#### [YOUR INSTRUCTIONS]
Say the number of lines in the records below that hold the word "hlam", and only that number.

=== SUPPLIED MATERIAL ===

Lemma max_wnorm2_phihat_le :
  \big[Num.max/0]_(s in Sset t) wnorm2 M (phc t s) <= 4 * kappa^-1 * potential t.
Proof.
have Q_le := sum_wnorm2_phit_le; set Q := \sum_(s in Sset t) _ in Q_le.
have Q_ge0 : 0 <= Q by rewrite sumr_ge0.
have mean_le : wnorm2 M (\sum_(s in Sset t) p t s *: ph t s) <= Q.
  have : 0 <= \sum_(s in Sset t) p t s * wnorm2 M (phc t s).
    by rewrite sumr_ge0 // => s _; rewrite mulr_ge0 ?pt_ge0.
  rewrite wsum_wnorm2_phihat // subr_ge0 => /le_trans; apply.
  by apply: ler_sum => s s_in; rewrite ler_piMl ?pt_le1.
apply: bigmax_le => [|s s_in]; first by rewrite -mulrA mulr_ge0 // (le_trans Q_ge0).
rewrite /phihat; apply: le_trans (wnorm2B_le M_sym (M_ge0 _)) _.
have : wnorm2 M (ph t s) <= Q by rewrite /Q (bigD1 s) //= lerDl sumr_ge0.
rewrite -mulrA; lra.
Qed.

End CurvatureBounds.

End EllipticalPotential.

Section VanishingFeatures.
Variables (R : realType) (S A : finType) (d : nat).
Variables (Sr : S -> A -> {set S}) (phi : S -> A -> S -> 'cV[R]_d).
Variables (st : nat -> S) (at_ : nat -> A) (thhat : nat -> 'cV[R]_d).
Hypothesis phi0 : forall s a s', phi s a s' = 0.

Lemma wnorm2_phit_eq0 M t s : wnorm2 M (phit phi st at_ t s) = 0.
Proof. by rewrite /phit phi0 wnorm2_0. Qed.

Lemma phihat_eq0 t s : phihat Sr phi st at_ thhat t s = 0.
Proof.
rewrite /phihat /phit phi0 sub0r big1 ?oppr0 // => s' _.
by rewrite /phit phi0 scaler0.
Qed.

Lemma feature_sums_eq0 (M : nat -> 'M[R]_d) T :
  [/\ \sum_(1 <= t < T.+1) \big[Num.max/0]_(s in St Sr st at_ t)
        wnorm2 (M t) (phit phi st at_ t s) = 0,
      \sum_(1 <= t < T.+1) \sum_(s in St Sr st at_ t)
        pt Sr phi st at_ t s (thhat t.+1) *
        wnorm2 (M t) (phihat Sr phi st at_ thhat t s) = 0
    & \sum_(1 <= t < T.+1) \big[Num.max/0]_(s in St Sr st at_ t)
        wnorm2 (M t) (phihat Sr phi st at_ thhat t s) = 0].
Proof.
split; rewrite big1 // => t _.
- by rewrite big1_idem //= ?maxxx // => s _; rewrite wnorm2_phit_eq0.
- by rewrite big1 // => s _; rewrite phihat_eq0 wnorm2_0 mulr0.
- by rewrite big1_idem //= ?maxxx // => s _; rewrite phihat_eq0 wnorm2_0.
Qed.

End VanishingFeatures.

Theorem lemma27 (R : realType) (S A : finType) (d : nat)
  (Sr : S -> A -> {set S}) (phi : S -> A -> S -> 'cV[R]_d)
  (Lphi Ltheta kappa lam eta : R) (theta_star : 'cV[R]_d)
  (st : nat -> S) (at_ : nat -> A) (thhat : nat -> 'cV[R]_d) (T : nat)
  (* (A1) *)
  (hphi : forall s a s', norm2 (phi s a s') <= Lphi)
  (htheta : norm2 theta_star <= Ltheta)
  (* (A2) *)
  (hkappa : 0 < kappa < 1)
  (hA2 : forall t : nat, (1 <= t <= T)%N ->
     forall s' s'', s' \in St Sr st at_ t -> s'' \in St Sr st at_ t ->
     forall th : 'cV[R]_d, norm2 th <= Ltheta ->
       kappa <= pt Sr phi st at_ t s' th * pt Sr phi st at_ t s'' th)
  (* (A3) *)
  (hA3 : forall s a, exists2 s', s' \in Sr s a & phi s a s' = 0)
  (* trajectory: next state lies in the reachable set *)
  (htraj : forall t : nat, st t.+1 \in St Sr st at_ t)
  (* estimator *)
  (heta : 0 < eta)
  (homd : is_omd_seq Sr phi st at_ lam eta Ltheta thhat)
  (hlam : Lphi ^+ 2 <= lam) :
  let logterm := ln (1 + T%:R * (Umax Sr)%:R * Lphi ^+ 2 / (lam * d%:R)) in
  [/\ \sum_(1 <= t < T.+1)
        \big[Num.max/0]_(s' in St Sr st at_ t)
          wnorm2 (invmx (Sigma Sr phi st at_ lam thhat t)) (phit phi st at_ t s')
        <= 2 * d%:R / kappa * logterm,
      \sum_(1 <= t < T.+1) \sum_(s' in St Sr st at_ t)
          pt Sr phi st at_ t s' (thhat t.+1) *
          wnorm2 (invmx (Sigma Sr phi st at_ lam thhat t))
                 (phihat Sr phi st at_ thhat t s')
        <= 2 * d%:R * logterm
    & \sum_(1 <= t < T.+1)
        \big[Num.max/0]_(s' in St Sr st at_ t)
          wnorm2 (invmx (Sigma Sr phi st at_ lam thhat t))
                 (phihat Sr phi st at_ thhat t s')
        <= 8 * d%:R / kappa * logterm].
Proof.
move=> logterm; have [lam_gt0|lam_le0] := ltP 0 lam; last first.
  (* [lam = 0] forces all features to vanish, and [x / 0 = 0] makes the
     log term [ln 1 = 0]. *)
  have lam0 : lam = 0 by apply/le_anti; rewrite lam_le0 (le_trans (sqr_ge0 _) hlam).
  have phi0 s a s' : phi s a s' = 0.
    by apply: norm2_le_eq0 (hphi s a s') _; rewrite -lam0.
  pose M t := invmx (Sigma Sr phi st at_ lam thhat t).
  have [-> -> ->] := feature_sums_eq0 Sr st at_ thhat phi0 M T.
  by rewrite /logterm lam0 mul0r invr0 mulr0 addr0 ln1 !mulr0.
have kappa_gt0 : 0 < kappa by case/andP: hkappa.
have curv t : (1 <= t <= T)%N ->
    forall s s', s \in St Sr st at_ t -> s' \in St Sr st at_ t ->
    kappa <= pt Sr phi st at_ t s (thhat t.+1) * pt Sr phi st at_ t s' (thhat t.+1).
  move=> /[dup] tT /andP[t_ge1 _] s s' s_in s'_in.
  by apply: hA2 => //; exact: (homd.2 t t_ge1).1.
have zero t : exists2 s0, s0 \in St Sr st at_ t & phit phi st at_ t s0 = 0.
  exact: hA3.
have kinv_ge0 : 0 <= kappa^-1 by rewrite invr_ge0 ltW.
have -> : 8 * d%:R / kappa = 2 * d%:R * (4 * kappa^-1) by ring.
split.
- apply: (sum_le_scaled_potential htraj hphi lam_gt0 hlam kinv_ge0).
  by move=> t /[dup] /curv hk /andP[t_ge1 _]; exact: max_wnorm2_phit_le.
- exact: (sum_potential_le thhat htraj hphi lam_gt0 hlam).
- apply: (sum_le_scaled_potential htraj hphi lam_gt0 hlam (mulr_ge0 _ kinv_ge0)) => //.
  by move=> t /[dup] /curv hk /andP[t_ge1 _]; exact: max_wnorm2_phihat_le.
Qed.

===
=== SUPPLIED MATERIAL ===

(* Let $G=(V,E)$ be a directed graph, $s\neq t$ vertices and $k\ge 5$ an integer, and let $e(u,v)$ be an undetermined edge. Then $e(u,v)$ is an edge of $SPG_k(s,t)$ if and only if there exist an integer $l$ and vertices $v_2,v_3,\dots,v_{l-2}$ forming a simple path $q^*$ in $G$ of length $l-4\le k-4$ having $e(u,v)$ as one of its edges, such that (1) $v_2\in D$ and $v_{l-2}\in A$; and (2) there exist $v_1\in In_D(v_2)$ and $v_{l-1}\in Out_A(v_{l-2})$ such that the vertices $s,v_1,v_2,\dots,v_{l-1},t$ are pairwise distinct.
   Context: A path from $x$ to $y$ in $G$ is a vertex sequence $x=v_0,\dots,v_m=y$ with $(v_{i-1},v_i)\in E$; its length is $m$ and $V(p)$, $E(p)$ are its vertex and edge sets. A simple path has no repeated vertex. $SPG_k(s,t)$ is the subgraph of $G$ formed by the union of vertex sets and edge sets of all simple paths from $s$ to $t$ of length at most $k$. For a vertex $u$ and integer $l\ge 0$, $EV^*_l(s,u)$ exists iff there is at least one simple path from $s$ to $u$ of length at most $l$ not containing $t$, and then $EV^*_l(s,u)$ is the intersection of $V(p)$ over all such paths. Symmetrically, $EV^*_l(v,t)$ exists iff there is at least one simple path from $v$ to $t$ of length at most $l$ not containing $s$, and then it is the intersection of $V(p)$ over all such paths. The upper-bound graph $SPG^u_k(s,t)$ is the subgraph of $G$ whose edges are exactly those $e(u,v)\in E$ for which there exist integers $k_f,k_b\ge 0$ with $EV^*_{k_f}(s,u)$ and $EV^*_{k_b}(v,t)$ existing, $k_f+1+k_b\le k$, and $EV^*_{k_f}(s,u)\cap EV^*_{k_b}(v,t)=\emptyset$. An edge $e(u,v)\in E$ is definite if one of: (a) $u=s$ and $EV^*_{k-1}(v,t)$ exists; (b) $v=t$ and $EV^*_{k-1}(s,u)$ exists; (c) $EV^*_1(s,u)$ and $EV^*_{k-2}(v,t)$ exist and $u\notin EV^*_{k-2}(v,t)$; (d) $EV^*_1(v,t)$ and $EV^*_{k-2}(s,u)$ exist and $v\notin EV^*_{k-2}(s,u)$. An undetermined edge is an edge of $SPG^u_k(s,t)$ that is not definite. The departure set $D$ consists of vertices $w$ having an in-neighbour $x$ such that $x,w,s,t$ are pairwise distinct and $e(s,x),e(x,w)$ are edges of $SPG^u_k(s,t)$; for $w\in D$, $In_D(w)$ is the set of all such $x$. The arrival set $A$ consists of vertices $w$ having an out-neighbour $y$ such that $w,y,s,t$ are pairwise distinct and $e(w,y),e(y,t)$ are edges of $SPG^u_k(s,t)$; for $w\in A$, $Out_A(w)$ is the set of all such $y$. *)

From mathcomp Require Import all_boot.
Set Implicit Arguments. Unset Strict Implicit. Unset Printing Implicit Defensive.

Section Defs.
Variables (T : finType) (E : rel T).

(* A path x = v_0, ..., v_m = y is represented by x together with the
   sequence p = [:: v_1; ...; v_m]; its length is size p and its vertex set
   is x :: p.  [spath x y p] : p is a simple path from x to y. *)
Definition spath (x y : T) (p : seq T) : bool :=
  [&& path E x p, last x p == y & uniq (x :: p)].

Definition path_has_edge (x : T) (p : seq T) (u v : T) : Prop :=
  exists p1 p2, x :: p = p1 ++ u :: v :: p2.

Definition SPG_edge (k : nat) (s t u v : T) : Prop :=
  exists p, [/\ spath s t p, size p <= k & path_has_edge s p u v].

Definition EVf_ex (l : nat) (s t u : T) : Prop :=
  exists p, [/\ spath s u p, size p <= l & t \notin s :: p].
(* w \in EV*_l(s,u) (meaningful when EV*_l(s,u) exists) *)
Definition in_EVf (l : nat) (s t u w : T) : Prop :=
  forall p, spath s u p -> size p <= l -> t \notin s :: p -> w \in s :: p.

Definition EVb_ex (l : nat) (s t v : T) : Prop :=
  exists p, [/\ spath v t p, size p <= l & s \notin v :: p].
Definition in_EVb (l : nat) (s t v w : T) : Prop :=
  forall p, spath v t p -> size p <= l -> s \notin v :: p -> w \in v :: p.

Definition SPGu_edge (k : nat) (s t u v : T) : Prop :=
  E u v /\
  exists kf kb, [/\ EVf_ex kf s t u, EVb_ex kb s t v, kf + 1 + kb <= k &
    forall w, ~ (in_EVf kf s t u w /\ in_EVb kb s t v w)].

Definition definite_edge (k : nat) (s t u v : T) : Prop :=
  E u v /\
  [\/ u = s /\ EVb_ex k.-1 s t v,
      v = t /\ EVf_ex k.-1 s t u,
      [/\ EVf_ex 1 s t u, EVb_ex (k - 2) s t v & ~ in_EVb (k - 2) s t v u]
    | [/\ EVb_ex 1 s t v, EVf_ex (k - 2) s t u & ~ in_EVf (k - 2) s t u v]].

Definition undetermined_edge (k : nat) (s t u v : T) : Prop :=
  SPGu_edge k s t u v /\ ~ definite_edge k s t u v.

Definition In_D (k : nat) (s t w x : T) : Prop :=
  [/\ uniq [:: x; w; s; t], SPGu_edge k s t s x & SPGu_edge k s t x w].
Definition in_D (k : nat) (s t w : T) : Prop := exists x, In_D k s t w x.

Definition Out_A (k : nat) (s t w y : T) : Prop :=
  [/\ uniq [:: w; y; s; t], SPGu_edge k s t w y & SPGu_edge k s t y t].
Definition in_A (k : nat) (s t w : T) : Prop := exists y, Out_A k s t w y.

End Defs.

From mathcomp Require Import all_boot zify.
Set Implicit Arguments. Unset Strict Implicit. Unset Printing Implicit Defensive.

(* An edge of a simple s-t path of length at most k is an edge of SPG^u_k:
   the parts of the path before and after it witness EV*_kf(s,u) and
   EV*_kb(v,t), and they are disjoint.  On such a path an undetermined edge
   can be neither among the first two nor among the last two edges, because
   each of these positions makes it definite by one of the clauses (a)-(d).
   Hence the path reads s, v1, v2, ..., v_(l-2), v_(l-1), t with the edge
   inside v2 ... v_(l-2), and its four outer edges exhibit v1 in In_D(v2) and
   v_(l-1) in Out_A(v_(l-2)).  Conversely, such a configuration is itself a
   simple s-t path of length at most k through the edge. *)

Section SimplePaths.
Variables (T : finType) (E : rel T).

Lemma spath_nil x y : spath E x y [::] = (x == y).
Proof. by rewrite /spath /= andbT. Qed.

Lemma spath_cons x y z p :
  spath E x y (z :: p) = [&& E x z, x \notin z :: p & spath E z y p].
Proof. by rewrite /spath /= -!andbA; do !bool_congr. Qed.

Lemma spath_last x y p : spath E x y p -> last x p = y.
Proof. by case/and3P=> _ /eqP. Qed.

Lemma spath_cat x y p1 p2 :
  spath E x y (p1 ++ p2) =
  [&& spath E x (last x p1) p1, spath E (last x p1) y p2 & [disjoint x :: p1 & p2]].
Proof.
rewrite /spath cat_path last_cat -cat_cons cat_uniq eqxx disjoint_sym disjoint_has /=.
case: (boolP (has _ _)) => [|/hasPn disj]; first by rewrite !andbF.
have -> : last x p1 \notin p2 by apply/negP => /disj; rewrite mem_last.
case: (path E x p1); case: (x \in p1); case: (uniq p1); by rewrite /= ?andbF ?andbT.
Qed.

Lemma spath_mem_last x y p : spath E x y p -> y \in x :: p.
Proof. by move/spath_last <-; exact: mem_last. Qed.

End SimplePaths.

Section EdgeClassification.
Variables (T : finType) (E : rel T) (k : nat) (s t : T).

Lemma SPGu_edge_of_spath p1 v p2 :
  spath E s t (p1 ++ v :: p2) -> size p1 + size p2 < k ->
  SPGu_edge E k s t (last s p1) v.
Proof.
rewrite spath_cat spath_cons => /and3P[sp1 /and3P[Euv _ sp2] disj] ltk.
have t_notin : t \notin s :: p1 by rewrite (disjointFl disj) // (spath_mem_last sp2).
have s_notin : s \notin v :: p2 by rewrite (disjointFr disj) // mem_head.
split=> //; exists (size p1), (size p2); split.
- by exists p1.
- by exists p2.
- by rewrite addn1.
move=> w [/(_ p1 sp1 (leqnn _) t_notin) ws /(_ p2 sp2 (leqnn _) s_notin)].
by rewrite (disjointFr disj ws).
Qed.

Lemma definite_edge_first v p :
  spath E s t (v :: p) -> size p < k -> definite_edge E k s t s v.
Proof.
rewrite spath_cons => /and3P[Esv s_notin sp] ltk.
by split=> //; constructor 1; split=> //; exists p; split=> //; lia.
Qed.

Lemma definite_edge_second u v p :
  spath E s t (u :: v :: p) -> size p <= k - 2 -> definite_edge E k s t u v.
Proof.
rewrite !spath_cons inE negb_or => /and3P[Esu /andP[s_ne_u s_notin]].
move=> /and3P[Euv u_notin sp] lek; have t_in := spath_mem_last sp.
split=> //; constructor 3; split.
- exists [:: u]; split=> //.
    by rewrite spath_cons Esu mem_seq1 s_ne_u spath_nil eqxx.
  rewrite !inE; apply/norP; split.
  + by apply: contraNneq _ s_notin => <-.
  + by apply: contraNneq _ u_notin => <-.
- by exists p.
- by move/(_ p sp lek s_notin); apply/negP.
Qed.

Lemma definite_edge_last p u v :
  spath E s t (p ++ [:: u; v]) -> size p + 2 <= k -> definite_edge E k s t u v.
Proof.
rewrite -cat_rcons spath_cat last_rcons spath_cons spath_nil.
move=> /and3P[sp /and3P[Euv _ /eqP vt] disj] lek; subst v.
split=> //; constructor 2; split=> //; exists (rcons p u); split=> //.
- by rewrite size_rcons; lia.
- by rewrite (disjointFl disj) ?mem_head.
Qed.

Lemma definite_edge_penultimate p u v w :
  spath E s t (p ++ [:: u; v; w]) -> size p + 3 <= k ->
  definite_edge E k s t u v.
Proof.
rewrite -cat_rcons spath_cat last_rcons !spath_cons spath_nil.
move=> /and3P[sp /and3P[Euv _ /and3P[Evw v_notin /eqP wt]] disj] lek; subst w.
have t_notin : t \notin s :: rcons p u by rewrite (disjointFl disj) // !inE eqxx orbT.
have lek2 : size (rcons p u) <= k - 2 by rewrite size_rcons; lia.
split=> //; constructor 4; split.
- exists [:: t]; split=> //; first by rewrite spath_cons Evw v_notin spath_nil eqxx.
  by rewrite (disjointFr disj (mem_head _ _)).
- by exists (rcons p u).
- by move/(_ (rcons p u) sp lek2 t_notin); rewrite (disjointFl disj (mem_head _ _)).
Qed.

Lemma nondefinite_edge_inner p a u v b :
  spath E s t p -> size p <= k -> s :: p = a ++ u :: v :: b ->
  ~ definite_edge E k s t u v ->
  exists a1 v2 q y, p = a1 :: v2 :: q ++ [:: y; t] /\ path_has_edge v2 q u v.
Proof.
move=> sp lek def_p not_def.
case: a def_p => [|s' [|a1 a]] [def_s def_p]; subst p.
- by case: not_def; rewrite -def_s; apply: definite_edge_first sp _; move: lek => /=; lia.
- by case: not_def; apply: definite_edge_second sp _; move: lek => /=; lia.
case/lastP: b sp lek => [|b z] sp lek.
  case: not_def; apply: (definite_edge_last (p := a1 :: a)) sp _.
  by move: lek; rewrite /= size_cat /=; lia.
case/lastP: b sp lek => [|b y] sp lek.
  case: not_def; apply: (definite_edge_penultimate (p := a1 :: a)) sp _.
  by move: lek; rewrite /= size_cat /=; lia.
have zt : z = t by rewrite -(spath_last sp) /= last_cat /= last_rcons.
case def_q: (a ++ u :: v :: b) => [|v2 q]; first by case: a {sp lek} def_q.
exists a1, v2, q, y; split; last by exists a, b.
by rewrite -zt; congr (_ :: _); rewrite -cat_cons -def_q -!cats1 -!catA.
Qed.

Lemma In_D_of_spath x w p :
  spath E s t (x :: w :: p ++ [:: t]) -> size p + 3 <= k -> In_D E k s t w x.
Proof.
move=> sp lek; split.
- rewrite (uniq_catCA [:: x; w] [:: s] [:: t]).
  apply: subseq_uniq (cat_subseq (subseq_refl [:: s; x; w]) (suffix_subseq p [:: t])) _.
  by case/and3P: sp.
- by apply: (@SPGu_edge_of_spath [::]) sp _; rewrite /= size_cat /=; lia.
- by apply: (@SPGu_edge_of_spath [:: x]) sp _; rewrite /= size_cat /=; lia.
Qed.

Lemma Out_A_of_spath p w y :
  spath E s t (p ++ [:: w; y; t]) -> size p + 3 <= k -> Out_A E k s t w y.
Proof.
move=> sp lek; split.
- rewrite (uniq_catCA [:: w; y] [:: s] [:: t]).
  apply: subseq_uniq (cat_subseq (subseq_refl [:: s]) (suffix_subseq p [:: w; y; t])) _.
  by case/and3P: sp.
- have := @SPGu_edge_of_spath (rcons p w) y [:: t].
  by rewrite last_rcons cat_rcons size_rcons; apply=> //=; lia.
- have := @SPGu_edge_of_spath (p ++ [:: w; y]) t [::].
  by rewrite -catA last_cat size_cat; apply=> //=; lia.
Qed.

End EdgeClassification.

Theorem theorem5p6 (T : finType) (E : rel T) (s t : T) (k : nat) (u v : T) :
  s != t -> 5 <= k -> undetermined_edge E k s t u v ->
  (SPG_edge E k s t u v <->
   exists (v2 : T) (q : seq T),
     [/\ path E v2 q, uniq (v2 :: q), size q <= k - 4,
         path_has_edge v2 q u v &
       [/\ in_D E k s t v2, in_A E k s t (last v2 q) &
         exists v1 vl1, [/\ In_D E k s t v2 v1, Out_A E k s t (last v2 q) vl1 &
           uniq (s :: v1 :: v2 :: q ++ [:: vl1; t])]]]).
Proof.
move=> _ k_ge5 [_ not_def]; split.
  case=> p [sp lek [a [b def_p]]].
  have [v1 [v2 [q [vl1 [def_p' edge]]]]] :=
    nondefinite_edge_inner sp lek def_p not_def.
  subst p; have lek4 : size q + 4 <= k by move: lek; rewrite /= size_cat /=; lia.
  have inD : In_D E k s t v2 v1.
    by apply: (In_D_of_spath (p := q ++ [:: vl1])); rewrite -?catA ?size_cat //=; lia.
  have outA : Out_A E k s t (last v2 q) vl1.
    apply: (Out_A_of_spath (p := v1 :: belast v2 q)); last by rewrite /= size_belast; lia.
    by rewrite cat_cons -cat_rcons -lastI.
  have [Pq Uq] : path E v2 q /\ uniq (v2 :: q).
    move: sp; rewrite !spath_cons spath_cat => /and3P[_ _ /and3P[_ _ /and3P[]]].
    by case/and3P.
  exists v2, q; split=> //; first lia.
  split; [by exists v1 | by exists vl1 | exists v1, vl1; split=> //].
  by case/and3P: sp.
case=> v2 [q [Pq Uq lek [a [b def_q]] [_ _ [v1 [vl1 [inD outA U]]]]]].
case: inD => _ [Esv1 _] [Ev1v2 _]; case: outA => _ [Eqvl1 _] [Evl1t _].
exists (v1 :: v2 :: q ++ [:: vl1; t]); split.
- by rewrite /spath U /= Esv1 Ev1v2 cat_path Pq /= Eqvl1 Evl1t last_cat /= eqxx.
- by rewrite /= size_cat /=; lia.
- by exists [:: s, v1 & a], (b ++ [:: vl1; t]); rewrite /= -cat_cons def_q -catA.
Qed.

===
=== SUPPLIED MATERIAL ===

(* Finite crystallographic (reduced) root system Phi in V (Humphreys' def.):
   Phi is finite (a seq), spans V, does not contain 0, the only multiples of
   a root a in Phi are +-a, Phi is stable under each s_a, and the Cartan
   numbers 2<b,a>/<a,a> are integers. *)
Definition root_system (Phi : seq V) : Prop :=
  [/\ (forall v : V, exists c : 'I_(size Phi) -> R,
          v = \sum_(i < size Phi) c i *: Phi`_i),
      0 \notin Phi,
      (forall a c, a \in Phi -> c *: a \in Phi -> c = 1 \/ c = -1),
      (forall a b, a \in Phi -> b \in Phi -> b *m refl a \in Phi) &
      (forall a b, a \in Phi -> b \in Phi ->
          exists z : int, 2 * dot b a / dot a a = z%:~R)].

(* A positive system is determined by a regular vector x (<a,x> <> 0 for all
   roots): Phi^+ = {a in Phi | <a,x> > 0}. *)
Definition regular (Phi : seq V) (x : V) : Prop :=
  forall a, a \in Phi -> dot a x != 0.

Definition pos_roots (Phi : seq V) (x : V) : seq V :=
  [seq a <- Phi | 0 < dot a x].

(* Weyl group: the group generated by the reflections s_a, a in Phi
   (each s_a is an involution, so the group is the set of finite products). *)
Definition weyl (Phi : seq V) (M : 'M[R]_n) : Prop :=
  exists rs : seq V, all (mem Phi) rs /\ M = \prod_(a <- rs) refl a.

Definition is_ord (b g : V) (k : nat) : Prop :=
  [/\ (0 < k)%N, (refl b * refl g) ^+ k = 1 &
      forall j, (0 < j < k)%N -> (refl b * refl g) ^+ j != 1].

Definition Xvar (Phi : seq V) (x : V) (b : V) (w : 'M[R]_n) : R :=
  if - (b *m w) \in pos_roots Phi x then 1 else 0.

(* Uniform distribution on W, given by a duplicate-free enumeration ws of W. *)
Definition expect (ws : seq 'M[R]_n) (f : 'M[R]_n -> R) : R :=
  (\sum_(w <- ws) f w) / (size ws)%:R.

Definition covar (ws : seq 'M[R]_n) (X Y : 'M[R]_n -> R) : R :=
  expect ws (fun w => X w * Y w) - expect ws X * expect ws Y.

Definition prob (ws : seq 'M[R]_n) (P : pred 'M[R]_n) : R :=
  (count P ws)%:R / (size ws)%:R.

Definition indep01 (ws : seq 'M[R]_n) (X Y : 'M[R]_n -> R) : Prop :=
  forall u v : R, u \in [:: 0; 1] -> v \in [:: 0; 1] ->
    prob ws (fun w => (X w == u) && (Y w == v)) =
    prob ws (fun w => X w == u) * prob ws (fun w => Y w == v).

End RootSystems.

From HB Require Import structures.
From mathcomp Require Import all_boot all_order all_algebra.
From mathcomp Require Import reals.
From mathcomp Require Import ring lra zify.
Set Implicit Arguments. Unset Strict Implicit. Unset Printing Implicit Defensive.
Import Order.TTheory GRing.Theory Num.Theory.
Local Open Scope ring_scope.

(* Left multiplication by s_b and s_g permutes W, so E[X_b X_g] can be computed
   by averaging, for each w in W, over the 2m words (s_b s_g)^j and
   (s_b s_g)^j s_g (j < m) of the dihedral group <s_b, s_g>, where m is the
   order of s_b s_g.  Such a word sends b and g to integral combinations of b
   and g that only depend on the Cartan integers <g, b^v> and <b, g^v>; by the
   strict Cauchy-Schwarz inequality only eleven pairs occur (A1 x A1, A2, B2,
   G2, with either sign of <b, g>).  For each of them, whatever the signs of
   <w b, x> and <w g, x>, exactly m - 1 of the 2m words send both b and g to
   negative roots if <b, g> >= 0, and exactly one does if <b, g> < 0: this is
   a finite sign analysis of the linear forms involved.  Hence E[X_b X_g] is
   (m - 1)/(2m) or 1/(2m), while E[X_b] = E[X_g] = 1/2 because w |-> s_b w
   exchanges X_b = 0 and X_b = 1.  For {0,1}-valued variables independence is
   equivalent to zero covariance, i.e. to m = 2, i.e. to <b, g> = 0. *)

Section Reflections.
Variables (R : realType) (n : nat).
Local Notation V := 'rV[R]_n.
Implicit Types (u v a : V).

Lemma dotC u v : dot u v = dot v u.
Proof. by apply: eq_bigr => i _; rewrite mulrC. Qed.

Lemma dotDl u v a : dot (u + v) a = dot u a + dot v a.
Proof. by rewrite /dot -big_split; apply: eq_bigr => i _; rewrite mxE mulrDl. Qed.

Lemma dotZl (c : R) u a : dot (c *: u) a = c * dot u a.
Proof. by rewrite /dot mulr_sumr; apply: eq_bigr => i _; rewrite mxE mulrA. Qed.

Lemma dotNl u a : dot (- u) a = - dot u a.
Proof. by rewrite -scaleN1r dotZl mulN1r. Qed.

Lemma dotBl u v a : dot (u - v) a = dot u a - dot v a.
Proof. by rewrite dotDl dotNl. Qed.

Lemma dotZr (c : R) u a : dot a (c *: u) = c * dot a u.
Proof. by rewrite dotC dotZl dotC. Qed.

===

#### [SOLUTION FOR THIS TASK]
5